## [Work required]
A single stretch of the material below is to be transcribed exactly, starting at the line with "Local Notation multC" and ending after the line with "Hypothesis lam_gt0 : forall k, 0 < lam k.".

## [Supplied data]
----------------------------------------

Lemma partitionC_iff r (N : nat * 'I_r * 'I_r -> nat) :
  \sum_(i < r) \sum_(j < r | (i < j)%N) (N (0%N, i, j))%:Z *: (eps i - eps j) +
  (\sum_(i < r) \sum_(j < r | (i < j)%N) (N (1%N, i, j))%:Z *: (eps i + eps j) +
   \sum_(i < r) (N (2%N, i, i))%:Z *: (2%:Z *: eps i)) = highC r
  <-> partitionC N.
Proof.
have coordE k : (\sum_(i < r) \sum_(j < r | (i < j)%N) (N (0%N, i, j))%:Z *: (eps i - eps j) +
  (\sum_(i < r) \sum_(j < r | (i < j)%N) (N (1%N, i, j))%:Z *: (eps i + eps j) +
   \sum_(i < r) (N (2%N, i, i))%:Z *: (2%:Z *: eps i))) 0 k =
  netFlow (fun i j => (N (0%N, i, j))%:Z) k + (posWeightC N k)%:Z.
  rewrite !mxE coord_sum_diffs coord_sum_double.
  under eq_bigr => i _ do under eq_bigr => j _ do rewrite -[eps j]scale1r.
  rewrite coord_sum_pairs mul1r /posWeightC /posWeight PoszD PoszM PoszD !Posz_sum.
  by congr (_ + _); rewrite addrC.
split=> [sumE k | solC]; first by rewrite -coordE sumE.
by apply/rowP => k; rewrite coordE solC.
Qed.

Lemma sum_highC r : (0 < r)%N -> \sum_(k < r) highC r 0 k = 2.
Proof.
by case: r => // s _; rewrite big_ord_recl big1 ?addr0 => [|k _]; rewrite highC_coord.
Qed.

Lemma sum_posWeightC r (N : nat * 'I_r * 'I_r -> nat) : (0 < r)%N ->
  partitionC N -> (\sum_(k < r) posWeightC N k = 2)%N.
Proof.
move=> r_gt0 solC; have := sum_highC r_gt0.
by rewrite -(eq_bigr _ (fun k _ => solC k)) big_split /= sum_netFlow add0r -Posz_sum => -[].
Qed.

Lemma eq_netFlow n (c c' : 'I_n -> 'I_n -> int) :
  (forall i j : 'I_n, (i < j)%N -> c i j = c' i j) -> netFlow c =1 netFlow c'.
Proof.
move=> cc' k; congr (_ - _); apply: eq_bigr => i ik; exact: cc'.
Qed.

Lemma KostantA_exists r : exists k, Kostant_is (PhiA r) (twoHighA r) k.
Proof.
apply: (@Kostant_exists_of_weight _ _ _ (\col_k - (k%:Z))) => p.
have := mem_nth_labels (ord0, ord0) (PhiA_labels r) p.
rewrite (nth_Phi (ord0, ord0) (PhiA_labels r)) -?(size_labels (PhiA_labels r)) //.
case: (nth _ _ _) => i j; rewrite mem_labelsA /rootA /= => ij.
by rewrite mulmxBl -!rowE !mxE opprK addrC subr_gt0 ltz_nat.
Qed.

Section Bijection.

Variable s : nat.
Local Notation r := s.+1.
Local Notation multA := {ffun 'I_(size (PhiA r)) -> nat}.
Local Notation multC := {ffun 'I_(size (PhiC r)) -> nat}.

Definition lastColumn (M : 'I_r.+1 * 'I_r.+1 -> nat) (k : 'I_r) : nat :=
  M (lift ord_max k, ord_max).
Section EigenvalueSignPattern.
Variables (R : realType) (n : nat) (c lam : 'I_n -> R).
Hypothesis n_gt0 : (0 < n)%N.
Hypothesis lam_gt0 : forall k, 0 < lam k.
Hypothesis lam_noninc : forall k l : 'I_n, (k <= l)%N -> lam l <= lam k.

Let coefs := [seq c k | k <- enum 'I_n].

Lemma nth_coefs (k : 'I_n) : nth 0 coefs k = c k.
Proof. by rewrite (nth_map k) ?size_enum_ord // nth_ord_enum. Qed.

Lemma coefs_alt_sign_blocks m : (sign_changes coefs <= m)%N ->
  exists b, alt_sign_blocks b m coefs.
Proof.
move=> sc; exists (0 <= head 0 [seq y <- coefs | y != 0]).
apply: alt_sign_blocks_sign_changes sc _; rewrite /has_sign.
by case: ifP => // /negbT; rewrite -ltNge => /ltW.
Qed.

Lemma lam_lt_index k l : lam k < lam l -> (l < k)%N.
Proof.
by move=> lt_kl; rewrite ltnNge; apply: contraTN lt_kl => /lam_noninc; rewrite -leNgt.
Qed.

Lemma sign_changes_le1_threshold : (sign_changes coefs <= 1)%N ->
  exists b mu, 0 < mu /\ forall k, has_sign b (c k * (lam k - mu)).
Proof.
move=> /coefs_alt_sign_blocks[b /alt_sign_blocks1_nth[p hp]].
have {}hp (k : 'I_n) :
    ((k < p)%N -> has_sign b (c k)) /\ ((p <= k)%N -> has_sign (~~ b) (c k)).
  by rewrite -nth_coefs; apply: hp; rewrite size_map size_enum_ord.
have ip : (minn p n.-1 < n)%N by lia.
exists b, (lam (Ordinal ip)); split => // k; have := ltn_ord k.
case: (ltnP k p) => [kp|pk] kn.
  by apply: has_signMr; [exact: (hp k).1 | rewrite subr_ge0; apply: lam_noninc => /=; lia].
by apply: has_signNMr; [exact: (hp k).2 | rewrite subr_le0; apply: lam_noninc => /=; lia].
Qed.

Lemma sign_changes_le2_gap : (sign_changes coefs <= 2)%N ->
  exists b lo hi, [/\ 0 < lo, lo <= hi,
    forall k, lam k < lo \/ hi < lam k -> has_sign b (c k) &
    forall k, lo < lam k < hi -> has_sign (~~ b) (c k)].
Proof.
move=> /coefs_alt_sign_blocks[b /alt_sign_blocks2_nth[p [q hpq]]].
have {}hpq (k : 'I_n) : [/\ (k < p)%N -> has_sign b (c k),
    (p <= k < q)%N -> has_sign (~~ b) (c k) & (q <= k)%N -> has_sign b (c k)].
  by rewrite -nth_coefs; apply: hpq; rewrite size_map size_enum_ord.
(* [lo] and [hi] sit at the two ends of the middle block [p <= k < q]; the
   clamping keeps both indices in range when that block is empty. *)
have ilo : (minn (maxn p (minn q n).-1) n.-1 < n)%N by lia.
have ihi : (minn p n.-1 < n)%N by lia.
exists b, (lam (Ordinal ilo)), (lam (Ordinal ihi)); split => // [|k|k].
- by apply: lam_noninc => /=; lia.
- have := ltn_ord k; case: (hpq k) => lo_sign _ hi_sign kn.
  by case=> /lam_lt_index /= ?; [apply: hi_sign | apply: lo_sign]; lia.
- have := ltn_ord k; case: (hpq k) => _ mid_sign _ kn.
  by case/andP=> /lam_lt_index /= ? /lam_lt_index /= ?; apply: mid_sign; lia.
Qed.

Lemma gap_secant_sign b lo hi r p : 0 < r -> r <= 1 -> 0 < p -> 0 < lo -> lo <= hi ->
  (forall k, lam k < lo \/ hi < lam k -> has_sign b (c k)) ->
  (forall k, lo < lam k < hi -> has_sign (~~ b) (c k)) ->
  exists al ga, 0 < ga /\
    forall k, has_sign b (c k * (al + ga * lam k `^ p - lam k `^ (p * r))).
Proof.
move=> r_gt0 r_le1 p_gt0 lo_gt0 lo_hi c_out c_in.
have powR_mono (x y : R) := @powR_le_mono R p x y (ltW p_gt0).
have [al [ga [ga_gt0 sec_in sec_out]]] :=
  powR_secant r_gt0 r_le1 (powR_gt0 p lo_gt0) (powR_mono _ _ (ltW lo_gt0) lo_hi).
exists al, ga; split => // k; have lam_ge0 := ltW (lam_gt0 k).
apply: has_sign_mul_gap (c_out k) (c_in k) _ _; rewrite powRrM.
- by case/andP=> lo_k k_hi; rewrite subr_le0 sec_in // powR_mono // ltW.
- move=> out; rewrite subr_ge0 sec_out ?powR_gt0 //.
  by case: out => ?; [left | right]; apply: powR_mono => //; apply: le_trans lo_hi; apply: ltW.
Qed.

Hypothesis sum_c0 : \sum_k c k = 0.
Hypothesis sum_pow_ge0 : forall N : nat, 0 <= \sum_k c k * lam k ^+ N.

Let f t := \sum_k c k * lam k `^ t.

Lemma sum_powR_natr_ge0 (N : nat) : 0 <= f N%:R.
Proof. by rewrite /f; under eq_bigr do rewrite powR_mulrn ?ltW //; apply: sum_pow_ge0. Qed.

Lemma sum_powR_ge0_sign_changes_le1 :
  (sign_changes coefs <= 1)%N -> forall t, 0 <= t -> 0 <= f t.
Proof.
move=> /sign_changes_le1_threshold[b [mu [mu_gt0 sgn]]] t t_ge0.
have f_shift s : f s = \sum_k c k * (lam k `^ s - mu `^ s).
  rewrite /f; under [RHS]eq_bigr do rewrite mulrBr.
  by rewrite sumrB -mulr_suml sum_c0 mul0r subr0.
have term_sign s k : 0 <= s -> has_sign b (c k * (lam k `^ s - mu `^ s)).
  by move=> s_ge0; apply: has_sign_powR_diff.
rewrite f_shift; case: b sgn term_sign => sgn term_sign.
  by apply: sumr_ge0 => k _; apply: term_sign.
(* all terms are nonpositive while f 1 >= 0, so they all vanish *)
have sum1_eq0 : \sum_k - (c k * (lam k `^ 1 - mu `^ 1)) = 0.
  apply/le_anti; rewrite sumrN oppr_le0 oppr_ge0 -f_shift (sum_powR_natr_ge0 1) /= f_shift.
  by apply: sumr_le0 => k _; apply: term_sign.
have term1_eq0 k : c k * (lam k - mu) = 0.
  rewrite -(powRr1 (ltW (lam_gt0 k))) -(powRr1 (ltW mu_gt0)).
  apply/eqP; rewrite -oppr_eq0; apply/eqP; apply: (psumr_eq0P _ sum1_eq0) => // l _.
  by rewrite oppr_ge0; apply: term_sign.
rewrite big1 // => k _; have /eqP := term1_eq0 k.
by rewrite mulf_eq0 subr_eq0 => /orP[/eqP-> | /eqP->]; rewrite ?mul0r ?subrr ?mulr0.
Qed.

Lemma sum_powR_ge0_sign_changes_le2 :
  (sign_changes coefs <= 2)%N -> forall t, 1 <= t -> 0 <= f t.
Proof.
move=> /sign_changes_le2_gap[b [lo [hi [lo_gt0 lo_hi c_out c_in]]]] t t_ge1.
have t_gt0 : 0 < t := lt_le_trans ltr01 t_ge1.
have secant p r : 0 < r -> r <= 1 -> 0 < p ->
    exists2 ga, 0 < ga & has_sign b (ga * f p - f (p * r)).
  move=> r_gt0 r_le1 p_gt0.
  have [al [ga [ga_gt0 sgn]]] := gap_secant_sign r_gt0 r_le1 p_gt0 lo_gt0 lo_hi c_out c_in.
  exists ga => //.
  rewrite (_ : _ - _ = \sum_k c k * (al + ga * lam k `^ p - lam k `^ (p * r))).
    by apply: has_sign_sum => k _; apply: sgn.
  rewrite (eq_bigr (fun k => al * c k + (ga * (c k * lam k `^ p) - c k * lam k `^ (p * r)))).
    by rewrite big_split /= -mulr_sumr sum_c0 mulr0 add0r sumrB -mulr_sumr.
  by move=> k _; ring.
case: b {c_out c_in} secant => secant.
  have tinv_gt0 : 0 < t^-1 by rewrite invr_gt0.
  have tinv_le1 : t^-1 <= 1 by rewrite invf_le1.
  have [ga ga_gt0] := secant t t^-1 tinv_gt0 tinv_le1 t_gt0.
  rewrite mulfV ?gt_eqF // /has_sign subr_ge0 => f1_le.
  by rewrite -(pmulr_rge0 _ ga_gt0); apply: le_trans (sum_powR_natr_ge0 1) f1_le.
pose N := (Num.truncn t).+1.
have N_gt0 : 0 < N%:R :> R by rewrite ltr0n.
have r_le1 : t / N%:R <= 1 by rewrite ler_pdivrMr // mul1r ltW // truncnS_gt.
have [ga ga_gt0] := secant N%:R (t / N%:R) (divr_gt0 t_gt0 N_gt0) r_le1 N_gt0.
rewrite [_ * (t / _)]mulrC divfK ?gt_eqF // /has_sign subr_le0; apply: le_trans.
by rewrite mulr_ge0 ?sum_powR_natr_ge0 ?ltW.
Qed.

End EigenvalueSignPattern.

Lemma exp_mx_ge0 (R : numDomainType) n (A : 'M[R]_n) :
  (forall i j, 0 <= A i j) -> forall N i j, 0 <= (A ^+ N) i j.
Proof.
move=> A_ge0; elim=> [|N IH] i j; first by rewrite expr0 -idmxE mxE ler0n.
by rewrite exprS -mulmxE mxE; apply: sumr_ge0 => k _; apply: mulr_ge0.
Qed.

Section OrthogonalSpectral.
Variables (R : comPzRingType) (n : nat) (U : 'M[R]_n).
Hypothesis U_orth : U *m U^T = 1%:M.

Lemma spectral_mx_entry (d : 'I_n -> R) i j :
  (U *m diag_mx (\row_k d k) *m U^T) i j = \sum_k U i k * U j k * d k.
Proof. by rewrite mul_mx_diag !mxE; apply: eq_bigr => k _; rewrite !mxE mulrAC. Qed.

Lemma orthomx_row_dot i j : \sum_k U i k * U j k = (i == j)%:R.
Proof.
have := congr1 (fun M : 'M[R]_n => M i j) U_orth; rewrite !mxE => <-.
by apply: eq_bigr => k _; rewrite mxE.
Qed.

----------------------------------------

## [Answer to the exercise]
Local Notation multC := {ffun 'I_(size (PhiC r)) -> nat}.

Definition lastColumn (M : 'I_r.+1 * 'I_r.+1 -> nat) (k : 'I_r) : nat :=
  M (lift ord_max k, ord_max).
Section EigenvalueSignPattern.
Variables (R : realType) (n : nat) (c lam : 'I_n -> R).
Hypothesis n_gt0 : (0 < n)%N.
Hypothesis lam_gt0 : forall k, 0 < lam k.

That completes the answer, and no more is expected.